Tinned fish, or conserva, is a tradition in Spain and Portugal. It’s what you eat when you belly up to a tapas bar for a glass of wine. The last few years, seafood preserved in cans — mussels, mackerel, squid, baby eels, tuna bellies, wild cockles — bathing in brine or olive oil have caught on here. Inspired by the Iberian Peninsula’s tinned fishes, Henry and Lisa Lovejoy, pioneers in the sustainable seafood movement who run a seafood business in New Hampshire, introduced Freshé — a line of tinned meals that combine sustainably wild-caught skipjack tuna or Norwegian salmon with vegetables, legumes, olive oil, and spices. The couple works with a centuries-old cannery in Portugal’s coastal city Porto, which produces the products for them. “It’s the oldest cannery in Europe and on the forefront of tinned fish,” says Henry. There are a half a dozen selections with ingredients sourced from the region’s local farms: Barcelona Escalivada has salmon, roasted eggplant, peppers, quinoa, sweet onions, and tomato; Provence Nicoise offers a take on the French salad and includes tuna, fire-roasted peppers, herbs, potatoes, and olives, while Thai Sriracha combines tuna with sweet and sour beans, peanuts, greens, and Asian spices.
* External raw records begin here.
(* For every convex set $\mathcal{H}\subseteq\Delta_n$ and every $\varepsilon>0$, there is a strategy for the player that wins the $(\mathcal{H},\varepsilon)$-cutting-with-margin game in $O(\log(n)/\varepsilon^2)$ rounds.
   Context: $\Delta_n=\{h\in\mathbb{R}^n:\sum_i h_i=1,\ h_i\ge0\}$ and $B_1(h,r)=\{v\in\mathbb{R}^n:\|v-h\|_1\le r\}$. The $(\mathcal{H},\varepsilon)$-cutting-with-margin game is played between a player and an adversary who both know $\mathcal{H}$ and $\varepsilon$: start with $\mathcal{H}_0=\mathcal{H}$, $k=0$. While $\mathcal{H}_k\ne\emptyset$: the player picks a point $h_k\in\mathcal{H}_k$ (possibly depending on the history); the adversary picks any convex set $\mathcal{H}_{k+1}\subseteq\mathcal{H}_k$ with $\mathcal{H}_{k+1}\cap B_1(h_k,\varepsilon)=\emptyset$; increment $k$. A player strategy wins in at most $r$ rounds if for every sequence $\mathcal{H}=\mathcal{H}_0\supseteq\mathcal{H}_1\supseteq\cdots\supseteq\mathcal{H}_t$ of legal adversary moves against it, $\mathcal{H}_t\ne\emptyset$ implies $t<r$. *)

From HB Require Import structures.
From mathcomp Require Import all_boot all_order all_algebra.
From mathcomp Require Import all_classical all_reals all_analysis.
Set Implicit Arguments. Unset Strict Implicit. Unset Printing Implicit Defensive.
Import Order.TTheory GRing.Theory Num.Theory.
Local Open Scope classical_set_scope.
Local Open Scope ring_scope.

Definition vec (R : realType) (n : nat) := 'I_n -> R.

Definition simplex (R : realType) (n : nat) : set (vec R n) :=
  [set h | (forall i, 0 <= h i) /\ \sum_(i < n) h i = 1].

Definition ball1 (R : realType) (n : nat) (h : vec R n) (r : R) : set (vec R n) :=
  [set v | \sum_(i < n) `|v i - h i| <= r].

Definition cvx_set (R : realType) (n : nat) (S : set (vec R n)) : Prop :=
  forall x y (t : R), S x -> S y -> 0 <= t -> t <= 1 ->
    S (fun i => t * x i + (1 - t) * y i).

(* A player strategy maps the history [:: H_0; ...; H_k] of sets to the
   point h_k. *)
Definition strategy (R : realType) (n : nat) := seq (set (vec R n)) -> vec R n.

Definition history (R : realType) (n : nat) (Hs : nat -> set (vec R n)) (k : nat)
  : seq (set (vec R n)) := mkseq Hs k.+1.

Definition legal_play (R : realType) (n : nat) (H : set (vec R n)) (eps : R)
  (sigma : strategy R n) (Hs : nat -> set (vec R n)) (t : nat) : Prop :=
  Hs 0%N = H /\
  forall k, (k < t)%N ->
    [/\ cvx_set (Hs k.+1), Hs k.+1 `<=` Hs k &
        Hs k.+1 `&` ball1 (sigma (history Hs k)) eps = set0].

Definition valid_strategy (R : realType) (n : nat) (H : set (vec R n)) (eps : R)
  (sigma : strategy R n) : Prop :=
  forall Hs t, legal_play H eps sigma Hs t -> Hs t !=set0 ->
    Hs t (sigma (history Hs t)).

Definition wins_within (R : realType) (n : nat) (H : set (vec R n)) (eps : R)
  (sigma : strategy R n) (r : nat) : Prop :=
  valid_strategy H eps sigma /\
  forall Hs t, legal_play H eps sigma Hs t -> Hs t !=set0 -> (t < r)%N.

From HB Require Import structures.
From mathcomp Require Import all_boot all_order all_algebra.
From mathcomp Require Import all_classical all_reals all_analysis.
From mathcomp Require Import ring lra.
Set Implicit Arguments. Unset Strict Implicit. Unset Printing Implicit Defensive.
Import Order.TTheory GRing.Theory Num.Theory.
Local Open Scope classical_set_scope.
Local Open Scope ring_scope.

(* The player plays a point h_k of H_k whose negative entropy
   f(x) = sum_i x_i ln x_i is within eps^2/32 of its infimum over H_k.  On the
   simplex f is strongly convex for the l1 norm, in the midpoint form
   f(x) + f(y) - 2 f((x+y)/2) >= mu |x - y|_1 - 2 mu^2 for every mu.  A point z
   that survives the cut is eps-far from h_k while (z + h_k)/2 is still in H_k,
   so taking mu = eps/4 gives f(z) >= inf_{H_k} f + 3 eps^2/32: the infimum of f
   rises by 3 eps^2/32 per round.  Since -ln n <= f <= 0 on the simplex, the
   game ends within 32 ln n / (3 eps^2) + 1 rounds. *)

Section EntropyInequalities.
Variable R : realType.

Lemma sub_le_mul_lnB (p q : R) : 0 <= p -> 0 < q -> p - q <= p * (ln p - ln q).
Proof.
move=> p_ge0 q_gt0; have [->|p_neq0] := eqVneq p 0.
  by rewrite mul0r sub0r oppr_le0 ltW.
have p_gt0 : 0 < p by rewrite lt0r p_neq0.
have := expR_ge1Dx (ln q - ln p); rewrite expRB !lnK ?posrE // ler_pdivlMr //.
nra.
Qed.

Lemma mul_sub_le_sqr_lnB (u w : R) : 0 <= u -> 0 < w ->
  2 * u * (u - w) <= u ^+ 2 * (ln (u ^+ 2) - ln (w ^+ 2)).
Proof.
move=> u_ge0 w_gt0; have [->|u_neq0] := eqVneq u 0.
  by rewrite expr0n mulr0 !mul0r.
have u_gt0 : 0 < u by rewrite lt0r u_neq0.
have -> : ln (u ^+ 2) - ln (w ^+ 2) = 2 * (ln u - ln w).
  by rewrite !lnXn // !mulr2n; ring.
have := sub_le_mul_lnB (ltW u_gt0) w_gt0; nra.
Qed.

(* With u = sqrt a, v = sqrt b, w = sqrt ((a+b)/2), the right-hand side is at
   least 2u(u - w) + 2v(v - w) = (u - v)^2/2 + (2w - u - v)^2/2, and
   mu |a - b| = mu |u - v| (u + v) <= (u - v)^2/2 + mu^2 (u + v)^2/2. *)
Lemma xlnx_midpoint_gap (a b mu : R) : 0 <= a -> 0 <= b ->
  mu * `|a - b| - mu ^+ 2 * (a + b) <=
  a * ln a + b * ln b - 2 * ((a + b) / 2 * ln ((a + b) / 2)).
Proof.
move=> a_ge0 b_ge0; set m := (a + b) / 2.
have [ab0|ab_neq0] := eqVneq (a + b) 0.
  have [a0 b0] : a = 0 /\ b = 0 by lra.
  by rewrite /m ab0 a0 b0 !(subrr, normr0, mul0r, mulr0).
have m_gt0 : 0 < m by rewrite /m; lra.
set u := Num.sqrt a; set v := Num.sqrt b; set w := Num.sqrt m.
have u_ge0 : 0 <= u := sqrtr_ge0 a.
have v_ge0 : 0 <= v := sqrtr_ge0 b.
have w_gt0 : 0 < w by rewrite sqrtr_gt0.
have hu := mul_sub_le_sqr_lnB u_ge0 w_gt0.
have hv := mul_sub_le_sqr_lnB v_ge0 w_gt0.
have ew : 2 * w ^+ 2 = u ^+ 2 + v ^+ 2.
  by rewrite !sqr_sqrtr // ?(ltW m_gt0) /m; field.
rewrite -[a](sqr_sqrtr a_ge0) -[b](sqr_sqrtr b_ge0) -[m](sqr_sqrtr (ltW m_gt0)).
rewrite -/u -/v -/w in hu hv *.
have -> : `|u ^+ 2 - v ^+ 2| = `|u - v| * (u + v).
  by rewrite -[u + v](ger0_norm (addr_ge0 u_ge0 v_ge0)) -normrM; congr `|_|; ring.
set d := `|u - v|.
have dd : d ^+ 2 = (u - v) ^+ 2 by rewrite /d real_normK // num_real.
have hd : d ^+ 2 / 2 <= 2 * u * (u - w) + 2 * v * (v - w).
  have : 0 <= (2 * w - (u + v)) ^+ 2 := sqr_ge0 _.
  nra.
have -> : 2 * (w ^+ 2 * ln (w ^+ 2)) = (u ^+ 2 + v ^+ 2) * ln (w ^+ 2).
  by rewrite -ew mulrA.
suff : mu * (d * (u + v)) - mu ^+ 2 * (u ^+ 2 + v ^+ 2) <= d ^+ 2 / 2 by lra.
have : 0 <= (d - mu * (u + v)) ^+ 2 := sqr_ge0 _.
have : 0 <= mu ^+ 2 * (u - v) ^+ 2 by apply: mulr_ge0; apply: sqr_ge0.
nra.
Qed.

End EntropyInequalities.

Section Negentropy.
Variables (R : realType) (n : nat).
Implicit Types x y : vec R n.

Definition midpoint x y : vec R n := fun i => (x i + y i) / 2.

Lemma cvx_set_midpoint (S : set (vec R n)) x y :
  cvx_set S -> S x -> S y -> S (midpoint x y).
Proof.
move=> cvxS Sx Sy.
have -> : midpoint x y = fun i => 2^-1 * x i + (1 - 2^-1) * y i.
  by apply/funext => i; rewrite /midpoint; field.
by apply: cvxS => //; lra.
Qed.

Definition negent x : R := \sum_(i < n) x i * ln (x i).

Lemma negent_midpoint_gap x y (mu : R) : simplex x -> simplex y ->
  mu * \sum_(i < n) `|x i - y i| - 2 * mu ^+ 2 <=
  negent x + negent y - 2 * negent (midpoint x y).
Proof.
move=> [x_ge0 sum_x] [y_ge0 sum_y].
have -> : 2 * mu ^+ 2 = mu ^+ 2 * (\sum_(i < n) x i + \sum_(i < n) y i).
  by rewrite sum_x sum_y; ring.
rewrite /negent -big_split /= !mulr_sumr -sumrB -big_split /= -sumrB.
by apply: ler_sum => i _; exact: xlnx_midpoint_gap.
Qed.

Lemma simplex_dim_gt0 x : simplex x -> (0 < n)%N.
Proof.
case: n x => [|m] x [_ sum_x] //.
by move: sum_x; rewrite big_ord0 => /eqP; rewrite eq_sym oner_eq0.
Qed.

Lemma opp_ln_le_negent x : simplex x -> - ln n%:R <= negent x.
Proof.
move=> sx; have n_gt0 : 0 < n%:R :> R by rewrite ltr0n (simplex_dim_gt0 sx).
case: sx => x_ge0 sum_x.
have : \sum_(i < n) (x i - n%:R^-1) <= \sum_(i < n) x i * (ln (x i) - ln n%:R^-1).
  by apply: ler_sum => i _; apply: sub_le_mul_lnB; rewrite ?invr_gt0.
rewrite sumrB sum_x sumr_const card_ord -[_ *+ n]mulr_natr mulVf ?lt0r_neq0 // subrr.
under eq_bigr do rewrite lnV ?posrE // opprK mulrDr.
by rewrite big_split /= -mulr_suml sum_x mul1r /negent; lra.
Qed.

Lemma negent_le0 x : simplex x -> negent x <= 0.
Proof.
move=> [x_ge0 sum_x]; apply: sumr_le0 => i _.
apply: mulr_ge0_le0 => //; apply: ln_le0.
by rewrite -sum_x (bigD1 i) //= lerDl sumr_ge0.
Qed.

End Negentropy.

Section EntropyStrategy.
Variables (R : realType) (n : nat).
Implicit Types (S : set (vec R n)) (h z : vec R n) (delta eps : R).

(* H_k need not be closed, so the infimum of negent need not be attained. *)
Definition approx_argmin delta S h : Prop :=
  S h /\ forall z, S z -> negent h <= negent z + delta.

Lemma exists_approx_argmin delta S : 0 < delta -> S !=set0 -> S `<=` @simplex R n ->
  exists h, approx_argmin delta S h.
Proof.
move=> delta_gt0 [z Sz] S_simplex.
have negent_inf : has_inf [set negent x | x in S].
  split; first by exists (negent z), z.
  by exists (- ln n%:R) => _ [x Sx <-]; exact/opp_ln_le_negent/S_simplex.
have [_ [h Sh <-] h_lt] := inf_adherent delta_gt0 negent_inf.
exists h; split => // y Sy.
have : inf [set negent x | x in S] <= negent y.
  by apply: (ge_inf negent_inf.2); exists y.
lra.
Qed.

Lemma approx_argmin_cut delta eps S h z (c : R) :
  cvx_set S -> S `<=` @simplex R n -> approx_argmin delta S h ->
  (forall y, S y -> c <= negent y) -> S z ->
  0 <= eps -> eps < \sum_(i < n) `|z i - h i| ->
  c + (eps ^+ 2 / 8 - delta) <= negent z.
Proof.
move=> cvxS S_simplex [Sh h_min] c_le Sz eps_ge0 far.
have Sm : S (midpoint z h) by exact: cvx_set_midpoint.
have gap := negent_midpoint_gap (eps / 4) (S_simplex _ Sz) (S_simplex _ Sh).
have far4 : eps / 4 * eps <= eps / 4 * \sum_(i < n) `|z i - h i|.
  by apply: ler_wpM2l; lra.
have := h_min _ Sm; have := c_le _ Sm.
have : (eps / 4) ^+ 2 = eps ^+ 2 / 16 by field.
have : eps / 4 * eps = eps ^+ 2 / 4 by rewrite expr2; field.
lra.
Qed.

Definition entropy_strategy delta : strategy R n :=
  fun s => xget (fun _ => 0) (approx_argmin delta (last set0 s)).

Lemma entropy_strategy_approx_argmin delta (Hs : nat -> set (vec R n)) k :
  0 < delta -> Hs k !=set0 -> Hs k `<=` @simplex R n ->
  approx_argmin delta (Hs k) (entropy_strategy delta (history Hs k)).
Proof.
move=> delta_gt0 Hk_neq0 Hk_simplex.
rewrite /entropy_strategy /history mkseqS last_rcons.
by apply: xgetPex; apply: exists_approx_argmin.
Qed.

End EntropyStrategy.

Section LegalPlay.
Variables (R : realType) (n : nat) (H : set (vec R n)) (eps : R).
Variables (sigma : strategy R n) (Hs : nat -> set (vec R n)) (t : nat).
Hypothesis play : legal_play H eps sigma Hs t.

Lemma legal_play_subset k : (k <= t)%N -> Hs k `<=` H.
Proof.
case: play => H0 moves; elim: k => [|k IHk] k_le; first by rewrite H0.
by have [_ sub _] := moves k k_le; apply: subset_trans sub (IHk (ltnW k_le)).
Qed.

Lemma legal_play_cvx k : cvx_set H -> (k <= t)%N -> cvx_set (Hs k).
Proof.
case: play => H0 moves cvxH; case: k => [|k] k_le; first by rewrite H0.
by have [] := moves k k_le.
Qed.

Lemma legal_play_far k z : (k < t)%N -> Hs k.+1 z ->
  eps < \sum_(i < n) `|z i - sigma (history Hs k) i|.
Proof.
case: play => _ moves k_lt Hz; have [_ _ disj] := moves k k_lt.
rewrite ltNge; apply/negP => near.
by have : (Hs k.+1 `&` ball1 (sigma (history Hs k)) eps) z by []; rewrite disj.
Qed.

End LegalPlay.

Section EntropyGame.
Variables (R : realType) (n : nat) (H : set (vec R n)) (eps delta : R).
Hypotheses (H_simplex : H `<=` @simplex R n) (delta_gt0 : 0 < delta).

Lemma entropy_strategy_valid : valid_strategy H eps (entropy_strategy delta).
Proof.
move=> Hs t play Ht_neq0.
have Ht_simplex := subset_trans (legal_play_subset play (leqnn t)) H_simplex.
by have [] := entropy_strategy_approx_argmin delta_gt0 Ht_neq0 Ht_simplex.
Qed.

Lemma entropy_strategy_progress Hs t k z :
  cvx_set H -> 0 <= eps -> legal_play H eps (entropy_strategy delta) Hs t ->
  (k <= t)%N -> Hs k z -> - ln n%:R + k%:R * (eps ^+ 2 / 8 - delta) <= negent z.
Proof.
move=> cvxH eps_ge0 play; elim: k z => [|k IHk] z k_le Hz.
  rewrite mul0r addr0; apply: opp_ln_le_negent; apply: H_simplex.
  by case: play => <-.
have Hk_simplex := subset_trans (legal_play_subset play (ltnW k_le)) H_simplex.
have [_ sub _] := play.2 k k_le.
have argmin :=
  entropy_strategy_approx_argmin delta_gt0 (ex_intro _ z (sub _ Hz)) Hk_simplex.
have := approx_argmin_cut (legal_play_cvx play cvxH (ltnW k_le)) Hk_simplex argmin
  (IHk^~ (ltnW k_le)) (sub _ Hz) eps_ge0 (legal_play_far play k_le Hz).
by rewrite -[k.+1%:R]natr1; lra.
Qed.

Lemma entropy_strategy_rounds Hs t :
  cvx_set H -> 0 <= eps -> legal_play H eps (entropy_strategy delta) Hs t ->
  Hs t !=set0 -> t%:R * (eps ^+ 2 / 8 - delta) <= ln n%:R.
Proof.
move=> cvxH eps_ge0 play [z Hz].
have := entropy_strategy_progress cvxH eps_ge0 play (leqnn t) Hz.
have := negent_le0 (H_simplex (legal_play_subset play (leqnn t) Hz)).
lra.
Qed.

End EntropyGame.

Theorem theorem2 :
  exists C : nat, forall (R : realType) (n : nat) (H : set (vec R n)) (eps : R),
    cvx_set H -> H `<=` @simplex R n -> 0 < eps ->
    exists (sigma : strategy R n) (r : nat),
      wins_within H eps sigma r /\
      (r%:R <= C%:R * (1 + ln (n%:R) / eps ^+ 2) :> R).
Proof.
exists 12%N => R n H eps cvxH H_simplex eps_gt0.
have eps2_gt0 : 0 < eps ^+ 2 by rewrite exprn_gt0.
have delta_gt0 : 0 < eps ^+ 2 / 32 by rewrite divr_gt0.
have ln_n_ge0 : 0 <= ln n%:R :> R.
  by have [->|n_gt0] := posnP n; [rewrite ln0 | apply: ln_ge0; rewrite ler1n].
set rounds : R := ln n%:R / (eps ^+ 2 / 8 - eps ^+ 2 / 32).
have rounds_ge0 : 0 <= rounds by rewrite divr_ge0 //; lra.
exists (entropy_strategy (eps ^+ 2 / 32)), (Num.truncn rounds).+1; split.
  split; first exact: entropy_strategy_valid.
  move=> Hs t play Ht_neq0; rewrite ltnS truncn_ge_nat // ler_pdivlMr; last by lra.
  exact: entropy_strategy_rounds (ltW eps_gt0) play Ht_neq0.
have := truncn_le rounds; rewrite rounds_ge0 -natr1.
have -> : rounds = 32 / 3 * (ln n%:R / eps ^+ 2) by rewrite /rounds; field; lra.
have : 0 <= ln n%:R / eps ^+ 2 by rewrite divr_ge0 // ltW.
lra.
Qed.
Other meals have flavors of Moroccan, Sicilian, and Mexican cuisines ($4 to $5 each). The pocket-size tins are convenient for a nutritious on-the-go snack, or use them to top leafy greens or to toss into pasta. These make a good addition to a pantry — the cans have a four-year shelf life. Available at Big Y, Roche Bros., and Whole Foods Market locations; Pemberton Farms Marketplace, 2225 Mass. Ave., Cambridge, 617-491-2244, or go to www.freshemeals.com.